==== Supplied entries
(* If σ ∈ S_∞ fixes every index from N on, then for every G₁ agreeing with G
   on the first N edges the two norm differences ‖G₁‖ − ‖G‖ coincide, so the
   difference quotients are literally equal.  If σ ∉ S_∞, flip a single edge e
   of G far out: the denominators have moduli 2^-(ψ(e)+1) and 2^-(σψ(e)+1), so
   the two quotients differ by the factor 2^(σψ(e) − ψ(e)).  As σ moves
   infinitely many indices up and infinitely many down, the limits would
   satisfy both |L'| ≥ 2|L| and |L| ≥ 2|L'|, forcing L = 0. *)

Lemma infinite_sum_ext (a b : nat -> R) (l : R) :
  (forall n, a n = b n) -> infinite_sum a l -> infinite_sum b l.
Proof.
  intros Hab Ha.
  apply (Un_cv_ext (sum_f_R0 a)); [|exact Ha].
  intro n; apply sum_eq; auto.
Qed.

Lemma infinite_sum_minus (a b : nat -> R) (la lb : R) :
  infinite_sum a la -> infinite_sum b lb ->
  infinite_sum (fun n => a n - b n) (la - lb).
Proof.
  intros Ha Hb.
  apply (Un_cv_ext (fun n => sum_f_R0 a n - sum_f_R0 b n)).
  - intro n; symmetry; apply minus_sum.
  - exact (CV_minus _ _ _ _ Ha Hb).
Qed.

Lemma sum_f_R0_single (a : nat -> R) (k : nat) :
  (forall n, n <> k -> a n = 0) ->
  forall n, (k <= n)%nat -> sum_f_R0 a n = a k.
Proof.
  intros Ha n Hn; induction Hn as [|n Hn IH].
  - destruct k as [|k]; [reflexivity|].
    cbn; rewrite sum_eq_R0 by (intros; apply Ha; lia); ring.
  - cbn; rewrite IH, (Ha (S n)) by lia; ring.
Qed.

Lemma infinite_sum_single (a : nat -> R) (k : nat) :
  (forall n, n <> k -> a n = 0) -> infinite_sum a (a k).
Proof.
  intros Ha eps Heps; exists k; intros n Hn.
  rewrite (sum_f_R0_single a k Ha n Hn).
  unfold Rdist; rewrite Rminus_diag, Rabs_R0; lra.
Qed.

Lemma bounded_on_initial_segment (g : nat -> nat) (M : nat) :
  exists C, (M <= C)%nat /\ forall m, (m < M)%nat -> (g m < C)%nat.
Proof.
  induction M as [|M [C [HMC HC]]].
  - exists 0%nat; split; [lia | intros; lia].
  - exists (C + g M + 1)%nat; split; [lia|].
    intros m Hm; destruct (Nat.eq_dec m M) as [->|]; [lia|].
    specialize (HC m ltac:(lia)); lia.
Qed.

Lemma injective_segment_surjective (g : nat -> nat) (K : nat) :
  Injective g -> (forall m, (m <= K)%nat -> (g m <= K)%nat) ->
  forall k, (k <= K)%nat -> exists m, (m <= K)%nat /\ g m = k.
Proof.
  intros Hinj Hmaps k Hk.
  set (img := map g (seq 0 (S K))).
  assert (Hnodup : NoDup img) by (apply Injective_map_NoDup, seq_NoDup; exact Hinj).
  assert (Hincl : incl img (seq 0 (S K))).
  { intros v Hv; apply in_map_iff in Hv as [m [<- Hm]].
    apply in_seq in Hm; apply in_seq; specialize (Hmaps m ltac:(lia)); lia. }
  assert (Hlen : (length (seq 0 (S K)) <= length img)%nat)
    by (unfold img; rewrite length_map; lia).
  assert (Hin : In k img) by (apply (NoDup_length_incl Hnodup Hlen Hincl), in_seq; lia).
  apply in_map_iff in Hin as [m [Hm Hseq]]; apply in_seq in Hseq.
  exists m; split; [lia | exact Hm].
Qed.

Lemma Bij_injective {A B : Type} (s : Bij A B) : Injective (fw s).
Proof. intros a b E; rewrite <- (bw_fw _ _ s a), <- (bw_fw _ _ s b), E; reflexivity. Qed.

(* A permutation of ℕ with σ(n) ≤ n for all large n maps each long enough
   segment [0, K] into itself, hence onto itself, and so fixes K. *)
Lemma not_S_infinity_exceeds (s : Bij nat nat) :
  ~ S_infinity s -> forall M, exists n, (M <= n)%nat /\ (n < fw s n)%nat.
Proof.
  intros Hs M; apply NNPP; intro Hnone; apply Hs.
  assert (Hle : forall n, (M <= n)%nat -> (fw s n <= n)%nat).
  { intros n Hn; apply Nat.nlt_ge; intro Hlt; apply Hnone; exists n; auto. }
  destruct (bounded_on_initial_segment (fw s) M) as [C [HMC HC]].
  assert (Hmaps : forall n, (C <= n)%nat -> forall m, (m <= n)%nat -> (fw s m <= n)%nat).
  { intros n Hn m Hm; destruct (Nat.lt_ge_cases m M) as [Hlt|Hge].
    - specialize (HC m Hlt); lia.
    - specialize (Hle m Hge); lia. }
  exists C; intros n Hn.
  destruct (injective_segment_surjective (fw s) n (Bij_injective s) (Hmaps n Hn) n
              (Nat.le_refl n)) as [m [Hm Hsm]].
  destruct (Nat.lt_ge_cases m M) as [Hlt|Hge].
  - specialize (HC m Hlt); lia.
  - specialize (Hle m Hge); replace n with m in * by lia; exact Hsm.
Qed.

Definition inv_bij {A B : Type} (s : Bij A B) : Bij B A :=
  {| fw := bw s; bw := fw s; bw_fw := fw_bw _ _ s; fw_bw := bw_fw _ _ s |}.

Lemma S_infinity_inv_bij (s : Bij nat nat) : S_infinity (inv_bij s) -> S_infinity s.
Proof.
  intros [N HN]; exists N; intros n Hn.
  rewrite <- (HN n Hn) at 1; apply fw_bw.
Qed.

Section Graphs.

Variable V : Type.

Definition flip_edge (G : graph V) (e0 : K V) : graph V :=
  fun e => if excluded_middle_informative (e = e0) then negb (G e) else G e.

Lemma flip_edge_at (G : graph V) (e0 : K V) : flip_edge G e0 e0 = negb (G e0).
Proof. unfold flip_edge; destruct (excluded_middle_informative (e0 = e0)); congruence. Qed.

Lemma flip_edge_other (G : graph V) (e0 e : K V) : e <> e0 -> flip_edge G e0 e = G e.
Proof. unfold flip_edge; destruct (excluded_middle_informative (e = e0)); congruence. Qed.

Lemma flip_edge_neq (G : graph V) (e0 : K V) : flip_edge G e0 <> G.
Proof.
  intro E; pose proof (f_equal (fun H => H e0) E) as E0; cbn in E0.
  rewrite flip_edge_at in E0; destruct (G e0); discriminate.
Qed.

Lemma finite_set_flip_edge (G : graph V) (e0 : K V) :
  finite_set (flip_edge G e0) -> finite_set G.
Proof.
  intros [l Hl]; exists (e0 :: l); intros e He.
  destruct (classic (e = e0)) as [->|Hne]; [left; reflexivity|].
  right; apply Hl; rewrite flip_edge_other; assumption.
Qed.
========
[What you have to do]
Every record must be repeated precisely and in full.

[Solution to this problem]
(* If σ ∈ S_∞ fixes every index from N on, then for every G₁ agreeing with G
   on the first N edges the two norm differences ‖G₁‖ − ‖G‖ coincide, so the
   difference quotients are literally equal.  If σ ∉ S_∞, flip a single edge e
   of G far out: the denominators have moduli 2^-(ψ(e)+1) and 2^-(σψ(e)+1), so
   the two quotients differ by the factor 2^(σψ(e) − ψ(e)).  As σ moves
   infinitely many indices up and infinitely many down, the limits would
   satisfy both |L'| ≥ 2|L| and |L| ≥ 2|L'|, forcing L = 0. *)

Lemma infinite_sum_ext (a b : nat -> R) (l : R) :
  (forall n, a n = b n) -> infinite_sum a l -> infinite_sum b l.
Proof.
  intros Hab Ha.
  apply (Un_cv_ext (sum_f_R0 a)); [|exact Ha].
  intro n; apply sum_eq; auto.
Qed.

Lemma infinite_sum_minus (a b : nat -> R) (la lb : R) :
  infinite_sum a la -> infinite_sum b lb ->
  infinite_sum (fun n => a n - b n) (la - lb).
Proof.
  intros Ha Hb.
  apply (Un_cv_ext (fun n => sum_f_R0 a n - sum_f_R0 b n)).
  - intro n; symmetry; apply minus_sum.
  - exact (CV_minus _ _ _ _ Ha Hb).
Qed.

Lemma sum_f_R0_single (a : nat -> R) (k : nat) :
  (forall n, n <> k -> a n = 0) ->
  forall n, (k <= n)%nat -> sum_f_R0 a n = a k.
Proof.
  intros Ha n Hn; induction Hn as [|n Hn IH].
  - destruct k as [|k]; [reflexivity|].
    cbn; rewrite sum_eq_R0 by (intros; apply Ha; lia); ring.
  - cbn; rewrite IH, (Ha (S n)) by lia; ring.
Qed.

Lemma infinite_sum_single (a : nat -> R) (k : nat) :
  (forall n, n <> k -> a n = 0) -> infinite_sum a (a k).
Proof.
  intros Ha eps Heps; exists k; intros n Hn.
  rewrite (sum_f_R0_single a k Ha n Hn).
  unfold Rdist; rewrite Rminus_diag, Rabs_R0; lra.
Qed.

Lemma bounded_on_initial_segment (g : nat -> nat) (M : nat) :
  exists C, (M <= C)%nat /\ forall m, (m < M)%nat -> (g m < C)%nat.
Proof.
  induction M as [|M [C [HMC HC]]].
  - exists 0%nat; split; [lia | intros; lia].
  - exists (C + g M + 1)%nat; split; [lia|].
    intros m Hm; destruct (Nat.eq_dec m M) as [->|]; [lia|].
    specialize (HC m ltac:(lia)); lia.
Qed.

Lemma injective_segment_surjective (g : nat -> nat) (K : nat) :
  Injective g -> (forall m, (m <= K)%nat -> (g m <= K)%nat) ->
  forall k, (k <= K)%nat -> exists m, (m <= K)%nat /\ g m = k.
Proof.
  intros Hinj Hmaps k Hk.
  set (img := map g (seq 0 (S K))).
  assert (Hnodup : NoDup img) by (apply Injective_map_NoDup, seq_NoDup; exact Hinj).
  assert (Hincl : incl img (seq 0 (S K))).
  { intros v Hv; apply in_map_iff in Hv as [m [<- Hm]].
    apply in_seq in Hm; apply in_seq; specialize (Hmaps m ltac:(lia)); lia. }
  assert (Hlen : (length (seq 0 (S K)) <= length img)%nat)
    by (unfold img; rewrite length_map; lia).
  assert (Hin : In k img) by (apply (NoDup_length_incl Hnodup Hlen Hincl), in_seq; lia).
  apply in_map_iff in Hin as [m [Hm Hseq]]; apply in_seq in Hseq.
  exists m; split; [lia | exact Hm].
Qed.

Lemma Bij_injective {A B : Type} (s : Bij A B) : Injective (fw s).
Proof. intros a b E; rewrite <- (bw_fw _ _ s a), <- (bw_fw _ _ s b), E; reflexivity. Qed.

(* A permutation of ℕ with σ(n) ≤ n for all large n maps each long enough
   segment [0, K] into itself, hence onto itself, and so fixes K. *)
Lemma not_S_infinity_exceeds (s : Bij nat nat) :
  ~ S_infinity s -> forall M, exists n, (M <= n)%nat /\ (n < fw s n)%nat.
Proof.
  intros Hs M; apply NNPP; intro Hnone; apply Hs.
  assert (Hle : forall n, (M <= n)%nat -> (fw s n <= n)%nat).
  { intros n Hn; apply Nat.nlt_ge; intro Hlt; apply Hnone; exists n; auto. }
  destruct (bounded_on_initial_segment (fw s) M) as [C [HMC HC]].
  assert (Hmaps : forall n, (C <= n)%nat -> forall m, (m <= n)%nat -> (fw s m <= n)%nat).
  { intros n Hn m Hm; destruct (Nat.lt_ge_cases m M) as [Hlt|Hge].
    - specialize (HC m Hlt); lia.
    - specialize (Hle m Hge); lia. }
  exists C; intros n Hn.
  destruct (injective_segment_surjective (fw s) n (Bij_injective s) (Hmaps n Hn) n
              (Nat.le_refl n)) as [m [Hm Hsm]].
  destruct (Nat.lt_ge_cases m M) as [Hlt|Hge].
  - specialize (HC m Hlt); lia.
  - specialize (Hle m Hge); replace n with m in * by lia; exact Hsm.
Qed.

Definition inv_bij {A B : Type} (s : Bij A B) : Bij B A :=
  {| fw := bw s; bw := fw s; bw_fw := fw_bw _ _ s; fw_bw := bw_fw _ _ s |}.

Lemma S_infinity_inv_bij (s : Bij nat nat) : S_infinity (inv_bij s) -> S_infinity s.
Proof.
  intros [N HN]; exists N; intros n Hn.
  rewrite <- (HN n Hn) at 1; apply fw_bw.
Qed.

Section Graphs.

Variable V : Type.

Definition flip_edge (G : graph V) (e0 : K V) : graph V :=
  fun e => if excluded_middle_informative (e = e0) then negb (G e) else G e.

Lemma flip_edge_at (G : graph V) (e0 : K V) : flip_edge G e0 e0 = negb (G e0).
Proof. unfold flip_edge; destruct (excluded_middle_informative (e0 = e0)); congruence. Qed.

Lemma flip_edge_other (G : graph V) (e0 e : K V) : e <> e0 -> flip_edge G e0 e = G e.
Proof. unfold flip_edge; destruct (excluded_middle_informative (e = e0)); congruence. Qed.

Lemma flip_edge_neq (G : graph V) (e0 : K V) : flip_edge G e0 <> G.
Proof.
  intro E; pose proof (f_equal (fun H => H e0) E) as E0; cbn in E0.
  rewrite flip_edge_at in E0; destruct (G e0); discriminate.
Qed.

Lemma finite_set_flip_edge (G : graph V) (e0 : K V) :
  finite_set (flip_edge G e0) -> finite_set G.
Proof.
  intros [l Hl]; exists (e0 :: l); intros e He.
  destruct (classic (e = e0)) as [->|Hne]; [left; reflexivity|].
  right; apply Hl; rewrite flip_edge_other; assumption.
Qed.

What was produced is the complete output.